Sinon, il y en a beaucoup dont je peux dire, à un moment donné, que j'y ai tenu énormément ; comme la dernière nouvelle de Notre Dame aux Écailles qui s'appelle Fantômes d'épingles. C'est le texte le plus récent du recueil et c'est le texte dans lequel je me reconnais le plus à l'heure actuelle. Et si j'y suis très attachée maintenant ; je ne le serais peut-être plus dans dix ans. Cela évolue pas mal.
Pour revenir à ce texte des Imaginales, de l'entendre lire est-ce que tu as toujours l'impression d'en être l'auteur, ou au contraire cela t'as donné un peu de recul et t'a permis de le découvrir d'une autre façon ?
Le recul, on le prend déjà à la base quand c'est publié. Des fois également quand d'autres personnes le lisent et se l'approprient.
Mais aussi parce que l'on évolue .Quand je relisais Notre Dame aux Écailles pour les corrections, j'ai été frappé en relisant une nouvelle comme Le Noeud cajun que j'ai écrite il y a dix ans.
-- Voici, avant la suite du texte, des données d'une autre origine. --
(* Let $n\in\mathbb{N}$. (1) If $n$ is odd and $n\geq 3$, then the path $P_n$ is an $\mathcal{N}$ position for Grim. (2) If $n$ is even and $n\geq 4$, then the cycle $C_n$ is a $\mathcal{P}$ position. (3) If $n$ is odd and $n\geq 5$, then the wheel $W_n$ is an $\mathcal{N}$ position. (4) For every non-empty finite simple graph $G$, the disjoint union $G\cup G$ of two copies of $G$ is a $\mathcal{P}$ position.
   Context: Grim is a two-player game on a finite simple undirected graph. Any isolated vertices of the starting graph are deleted before play begins. Players alternate moves; a move consists of selecting a vertex of the current graph and deleting it together with all its incident edges, after which every vertex that has become isolated is also deleted. The player who makes the last legal move wins (a player facing the empty graph has no move and loses). A graph is an $\mathcal{N}$ position if the player about to move has a winning strategy, and a $\mathcal{P}$ position otherwise. $P_n$, $C_n$ denote the path and cycle on $n$ vertices; $W_n$ denotes the wheel on $n$ vertices, i.e. the cycle $C_{n-1}$ together with one extra vertex (the center) adjacent to all vertices of the cycle. *)

From mathcomp Require Import all_boot.
Set Implicit Arguments. Unset Strict Implicit. Unset Printing Implicit Defensive.

(* A position of Grim is the induced
   subgraph on a set S : {set T} of surviving vertices (deleting a vertex
   deletes exactly its incident edges, so the current graph is always an
   induced subgraph of the starting one). *)

Definition simple_graph (T : finType) (e : rel T) : Prop :=
  symmetric e /\ irreflexive e.

Definition grim_clean (T : finType) (e : rel T) (S : {set T}) : {set T} :=
  [set x in S | [exists y in S, e x y]].

Definition grim_move (T : finType) (e : rel T) (S : {set T}) (v : T) : {set T} :=
  grim_clean e (S :\ v).

Definition grim_start (T : finType) (e : rel T) : {set T} := grim_clean e setT.

(* N positions (player to move wins) and P positions (player to move loses);
   last player to move wins, the empty graph is a P position. *)
Inductive grimN (T : finType) (e : rel T) : {set T} -> Prop :=
  | grimN_I (S : {set T}) (v : T) : v \in S -> grimP e (grim_move e S v) -> grimN e S
with grimP (T : finType) (e : rel T) : {set T} -> Prop :=
  | grimP_I (S : {set T}) : (forall v : T, v \in S -> grimN e (grim_move e S v)) -> grimP e S.

Definition is_N (T : finType) (e : rel T) : Prop := grimN e (grim_start e).
Definition is_P (T : finType) (e : rel T) : Prop := grimP e (grim_start e).

Definition path_rel (n : nat) : rel 'I_n :=
  fun i j => (i.+1 == j :> nat) || (j.+1 == i :> nat).
Arguments path_rel n : clear implicits.

Definition cycle_rel (n : nat) : rel 'I_n :=
  fun i j => (i.+1 %% n == j :> nat) || (j.+1 %% n == i :> nat).
Arguments cycle_rel n : clear implicits.

(* Wheel W_n: cycle C_(n-1) on Some 0..Some (n-2), plus center None. *)
Definition wheel_rel (n : nat) : rel (option 'I_n.-1) :=
  fun x y => match x, y with
             | None, None => false
             | None, Some _ | Some _, None => true
             | Some i, Some j => cycle_rel n.-1 i j
             end.
Arguments wheel_rel n : clear implicits.

Definition dunion_rel (T : finType) (e : rel T) : rel (T + T) :=
  fun x y => match x, y with
             | inl a, inl b => e a b
             | inr a, inr b => e a b
             | _, _ => false
             end.

From mathcomp Require Import all_boot all_algebra.
From mathcomp Require Import ring zify.

Set Implicit Arguments.
Unset Strict Implicit.
Unset Printing Implicit Defensive.

Import GRing.Theory.

(* Strategy stealing by symmetry: if an involutive automorphism s of a position
   has no fixed point and never maps a vertex to a neighbour, the second player
   answers each move v by s v.  Since v and s v are not adjacent, deleting v
   does not isolate s v, so the answer is legal and the position stays
   s-symmetric; hence such positions are P.  The two copies of G are swapped by
   such an s.  In P_n, n odd, deleting the middle vertex leaves a position
   mirrored by reversal.  In C_n, n even, the reply to v is its antipode, which
   leaves a position mirrored by the reflection through v.  In W_n, n odd,
   deleting the centre leaves such a cycle with the opponent to move.  Parity
   of n is what keeps every vertex non-adjacent to its mirror image. *)

Lemma grim_move_clean (T : finType) (e : rel T) :
  symmetric e -> forall (A : {set T}) (v : T),
  grim_move e (grim_clean e A) v = grim_clean e (A :\ v).
Proof.
move=> e_sym A v; apply/setP=> x; rewrite !inE.
apply/andP/andP=> [[/and3P[xv xA _] /exists_inP[y]]|[/andP[xv xA] /exists_inP[y]]].
- rewrite !inE => /and3P[yv yA _] exy; split; first by rewrite xv.
  by apply/exists_inP; exists y; rewrite // !inE yv.
- rewrite !inE => /andP[yv yA] exy; split.
    by rewrite xv xA; apply/exists_inP; exists y.
  apply/exists_inP; exists y; rewrite // !inE yv yA.
  by apply/exists_inP; exists x; rewrite // e_sym.
Qed.

Section Mirror.

Variables (T : finType) (e : rel T) (s : T -> T).
Hypotheses (e_sym : symmetric e) (s_inv : involutive s).
Hypotheses (s_mono : {mono s : x y / e x y}) (s_nonadj : forall x, ~~ e x (s x)).

Lemma grimP_mirror (A : {set T}) :
  {homo s : x / x \in A} -> {in A, forall x, s x != x} -> grimP e (grim_clean e A).
Proof.
have [k] := ubnP #|A|; elim: k A => // k IH A ltAk sA s_free.
constructor=> v; rewrite (grim_move_clean e_sym) inE => /andP[vA /exists_inP[y yA evy]].
have sv_neq_v := s_free v vA.
have sy_neq_v : s y != v.
  by apply/eqP=> syv; move: (s_nonadj v); rewrite -{2}syv s_inv evy.
apply: (@grimN_I _ _ _ (s v)).
  rewrite !inE sv_neq_v sA //=; apply/exists_inP; exists (s y); last by rewrite s_mono.
  by rewrite !inE sy_neq_v sA.
rewrite (grim_move_clean e_sym); apply: IH.
- rewrite (cardsD1 v A) vA /= ltnS in ltAk.
  by apply: leq_ltn_trans ltAk; apply/subset_leq_card/subD1set.
- move=> x; rewrite !inE => /and3P[xsv xv xA]; rewrite sA // andbT.
  by rewrite (inj_eq (can_inj s_inv)) xv; apply: contraNneq xsv => <-; rewrite s_inv.
- by move=> x; rewrite !inE => /and3P[_ _ /s_free].
Qed.

Lemma grimP_mirror_free : grimP e (grim_clean e [set x | s x != x]).
Proof.
apply: grimP_mirror => [x|x]; rewrite !inE //.
by apply: contra_neq => /(congr1 s); rewrite !s_inv.
Qed.

End Mirror.

Definition sum_swap {T : Type} (x : T + T) : T + T :=
  match x with inl a => inr a | inr a => inl a end.

Lemma dunion_P (T : finType) (e : rel T) : symmetric e -> is_P (dunion_rel e).
Proof.
move=> e_sym; rewrite /is_P /grim_start.
have -> : [set: T + T] = [set x | sum_swap x != x :> T + T] by apply/setP=> -[] a; rewrite !inE.
apply: grimP_mirror_free => [[] a [] b|[]|[] a [] b|[]] //=; exact: e_sym.
Qed.

Lemma path_rel_sym (n : nat) : symmetric (path_rel n).
Proof. by move=> i j; rewrite /path_rel orbC. Qed.

Lemma path_rel_rev (n : nat) : {mono @rev_ord n : i j / path_rel n i j}.
Proof.
move=> [i lt_i_n] [j lt_j_n]; rewrite /path_rel /=.
by apply/orP/orP=> -[] /eqP ?; [right|left|right|left]; apply/eqP; lia.
Qed.

Section OddPath.

Variable h : nat.
Local Notation n := h.*2.+1.

Lemma path_rel_rev_nonadj (i : 'I_n) : ~~ path_rel n i (rev_ord i).
Proof. by rewrite /path_rel /=; apply/negP=> /orP[] /eqP; have := ltn_ord i; lia. Qed.

Lemma rev_ord_fixed (i : 'I_n) : (rev_ord i == i) = (i == inord h).
Proof.
rewrite -!val_eqE /= inordK; last by lia.
by apply/eqP/eqP; have := ltn_ord i; lia.
Qed.

Lemma odd_path_N : 0 < h -> is_N (path_rel n).
Proof.
move=> h_gt0; rewrite /is_N /grim_start.
apply: (@grimN_I _ _ _ (inord h)).
  rewrite !inE; apply/exists_inP; exists (inord h.+1) => //.
  by rewrite /path_rel !inordK ?eqxx //; lia.
rewrite (grim_move_clean (@path_rel_sym _)).
have -> : [set: 'I_n] :\ inord h = [set i | rev_ord i != i].
  by apply/setP=> i; rewrite !inE rev_ord_fixed andbT.
exact: grimP_mirror_free (@path_rel_sym _) rev_ordK (@path_rel_rev _) path_rel_rev_nonadj.
Qed.

End OddPath.

Lemma cycle_rel_sym (n : nat) : symmetric (cycle_rel n).
Proof. by move=> i j; rewrite /cycle_rel orbC. Qed.

Lemma cycle_relE (m : nat) (i j : 'I_m.+2) :
  cycle_rel m.+2 i j = (i + 1 == j)%R || (j + 1 == i)%R.
Proof. by rewrite /cycle_rel -!val_eqE /= !modnDmr !addn1. Qed.

Lemma wheel_rel_sym (n : nat) : symmetric (wheel_rel n).
Proof. by case=> [i|] [j|] //=; rewrite cycle_rel_sym. Qed.

Section EvenCycle.

Local Open Scope ring_scope.

Variable h : nat.
Local Notation n := h.*2.+2.

Definition cycle_reflect (v i : 'I_n) : 'I_n := v + v - i.

Definition antipode : 'I_n := h.+1%:R.

Lemma cycle_reflectK (v : 'I_n) : involutive (cycle_reflect v).
Proof. by move=> i; rewrite /cycle_reflect; ring. Qed.

Lemma cycle_rel_reflect (v : 'I_n) : {mono cycle_reflect v : i j / cycle_rel n i j}.
Proof.
have reflect_succ i j : (cycle_reflect v i + 1 == cycle_reflect v j) = (j + 1 == i).
  by rewrite -subr_eq0 -[RHS]subr_eq0 /cycle_reflect; congr (_ == 0); ring.
by move=> i j; rewrite !cycle_relE !reflect_succ orbC.
Qed.

Lemma odd_Zp_add (i j : 'I_n) : odd (i + j)%R = odd i (+) odd j.
Proof. by rewrite /= odd_mod ?oddD //= odd_double. Qed.

Lemma succ_neq_reflect (v i : 'I_n) : i + 1 != cycle_reflect v i.
Proof.
apply/eqP=> E; have : i + i + 1 = v + v by rewrite addrAC E /cycle_reflect; ring.
by move/(congr1 (fun x : 'I_n => odd x)); rewrite !odd_Zp_add !addbb.
Qed.

Lemma cycle_reflect_nonadj (v i : 'I_n) : ~~ cycle_rel n i (cycle_reflect v i).
Proof.
rewrite cycle_relE (negbTE (succ_neq_reflect v i)) /=.
by rewrite -{2}(cycle_reflectK v i) succ_neq_reflect.
Qed.

Lemma val_antipode : antipode = h.+1 :> nat.
Proof. by rewrite /antipode Zp_nat /= modn_small //; lia. Qed.

Lemma antipode_neq0 : antipode != 0.
Proof. by rewrite -val_eqE /= val_antipode. Qed.

Lemma Zp_double_eq0 (d : 'I_n) : (d + d == 0) = (d == 0) || (d == antipode).
Proof.
rewrite -!val_eqE /= val_antipode; have := ltn_ord d.
move: (nat_of_ord d) => a lt_a_n.
case: (ltnP (a + a) n) => [small | big].
  by rewrite modn_small //; lia.
by rewrite -(subnK big) modnDr modn_small; lia.
Qed.

Lemma cycle_reflect_fixed (v i : 'I_n) :
  (cycle_reflect v i == i) = (i == v) || (i == v + antipode).
Proof.
have -> : (cycle_reflect v i == i) = ((i - v) + (i - v) == 0).
  by rewrite -subr_eq0 -oppr_eq0 /cycle_reflect; congr (_ == 0); ring.
by rewrite Zp_double_eq0 subr_eq0 subr_eq addrC.
Qed.

Lemma cycle_neighbour_avoid (v i : 'I_n) : (0 < h)%N -> exists2 j, j != v & cycle_rel n i j.
Proof.
move=> h_gt0; have [succ_v | succ_nv] := eqVneq (i + 1) v; last first.
  by exists (i + 1); rewrite // cycle_relE eqxx.
exists (i - 1); last by rewrite cycle_relE subrK eqxx orbT.
rewrite -succ_v -subr_eq0 (_ : i - 1 - (i + 1) = - (1 + 1)); last by ring.
by rewrite oppr_eq0 -val_eqE /= !modn_small //; lia.
Qed.

Lemma addr_antipode_neq (v : 'I_n) : v + antipode != v.
Proof. by rewrite -{2}[v]addr0 (inj_eq (addrI v)) antipode_neq0. Qed.

Lemma even_cycle_P : (0 < h)%N -> is_P (cycle_rel n).
Proof.
move=> h_gt0; have C_sym := @cycle_rel_sym n.
constructor=> v _; rewrite (grim_move_clean C_sym).
have [j j_neq_v w_j] := cycle_neighbour_avoid v (v + antipode) h_gt0.
apply: (@grimN_I _ _ _ (v + antipode)).
  by rewrite !inE addr_antipode_neq; apply/exists_inP; exists j; rewrite // !inE j_neq_v.
rewrite (grim_move_clean C_sym).
have -> : [set: 'I_n] :\ v :\ (v + antipode) = [set i | cycle_reflect v i != i].
  by apply/setP=> i; rewrite !inE cycle_reflect_fixed negb_or andbT andbC.
exact: grimP_mirror_free C_sym (cycle_reflectK v) (cycle_rel_reflect v) (cycle_reflect_nonadj v).
Qed.

Lemma odd_wheel_N : (0 < h)%N -> is_N (wheel_rel n.+1).
Proof.
move=> h_gt0; have W_sym := @wheel_rel_sym n.+1.
rewrite /is_N /grim_start; apply: (@grimN_I _ _ _ None).
  by rewrite !inE; apply/exists_inP; exists (Some 0).
rewrite (grim_move_clean W_sym); constructor=> -[v _|]; last by rewrite !inE.
rewrite (grim_move_clean W_sym).
have [j j_neq_v w_j] := cycle_neighbour_avoid v (v + antipode) h_gt0.
apply: (@grimN_I _ _ _ (Some (v + antipode))).
  rewrite !inE /= (inj_eq Some_inj) addr_antipode_neq.
  by apply/exists_inP; exists (Some j); rewrite // !inE /= (inj_eq Some_inj) j_neq_v.
rewrite (grim_move_clean W_sym).
have -> : [set: option 'I_n] :\ None :\ Some v :\ Some (v + antipode) =
          [set x | omap (cycle_reflect v) x != x].
  apply/setP=> -[i|]; rewrite !inE //= !(inj_eq Some_inj).
  by rewrite cycle_reflect_fixed negb_or andbT andbC.
apply: grimP_mirror_free W_sym _ _ _.
- by case=> //= i; rewrite cycle_reflectK.
- by case=> [i|] [k|] //=; rewrite cycle_rel_reflect.
- by case=> //= i; rewrite cycle_reflect_nonadj.
Qed.

End EvenCycle.

Theorem corollary4p4 :
  (forall n : nat, odd n -> 3 <= n -> is_N (path_rel n)) /\
  (forall n : nat, ~~ odd n -> 4 <= n -> is_P (cycle_rel n)) /\
  (forall n : nat, odd n -> 5 <= n -> is_N (wheel_rel n)) /\
  (forall (T : finType) (e : rel T),
      simple_graph e -> 0 < #|T| -> is_P (dunion_rel e)).
Proof.
split; [|split; [|split]].
- move=> n n_odd n_ge3; have [h -> h_gt0] : exists2 h, n = h.*2.+1 & 0 < h.
    by exists n./2; have := odd_double_half n; rewrite n_odd; lia.
  exact: odd_path_N.
- move=> n n_even n_ge4; have [h -> h_gt0] : exists2 h, n = h.*2.+2 & 0 < h.
    by exists n./2.-1; have := odd_double_half n; rewrite (negbTE n_even); lia.
  exact: even_cycle_P.
- move=> n n_odd n_ge5; have [h -> h_gt0] : exists2 h, n = h.*2.+3 & 0 < h.
    by exists n./2.-1; have := odd_double_half n; rewrite n_odd; lia.
  exact: odd_wheel_N.
-
  by move=> T e [e_sym _] _; exact: dunion_P.
Qed.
C'est n'est pas du tout la même personne qui l'a écrite. Donc là, j'ai déjà un recul, c'est une autre période de ma vie, c'est autre chose, ça m'amuse de le relire mais je ne m'y reconnais pas.
Et je n'ai pas eu énormément de retours sur mes textes qui contredisent l'image que j'en ai. En général, ça me conforte plutôt dans ce que j'ai essayé de faire, ça correspond assez bien, des fois ça me surprend, mais on ne m'a jamais dit quelque chose qui soit en contradiction flagrante.
Quel serait le texte que tu conseillerais à quelqu'un qui ne t'a jamais lu ? Est-ce que ce serait l'un de tes préférés ?
Je pense que je recommanderais un des recueils : l'un ou l'autre selon la personne en ciblant. Mais je ne peux pas isoler une nouvelle. J'ai fait lire Serpentine récemment à quelqu'un parce que l'on parlait de tatouages. Et donc, je lui ai dit de commencer par ça.
Sinon, je conseillerai un recueil parce qu'ils représentent chacun une période de ma vie mais aussi parce qu'ils couvrent une partie de la gamme de ce que je fais. Et c'est pour moi la meilleure manière de me découvrir. On a dix exemples différents dans lesquels on va se reconnaître, ou pas. Je pense que c'est le meilleur moyen.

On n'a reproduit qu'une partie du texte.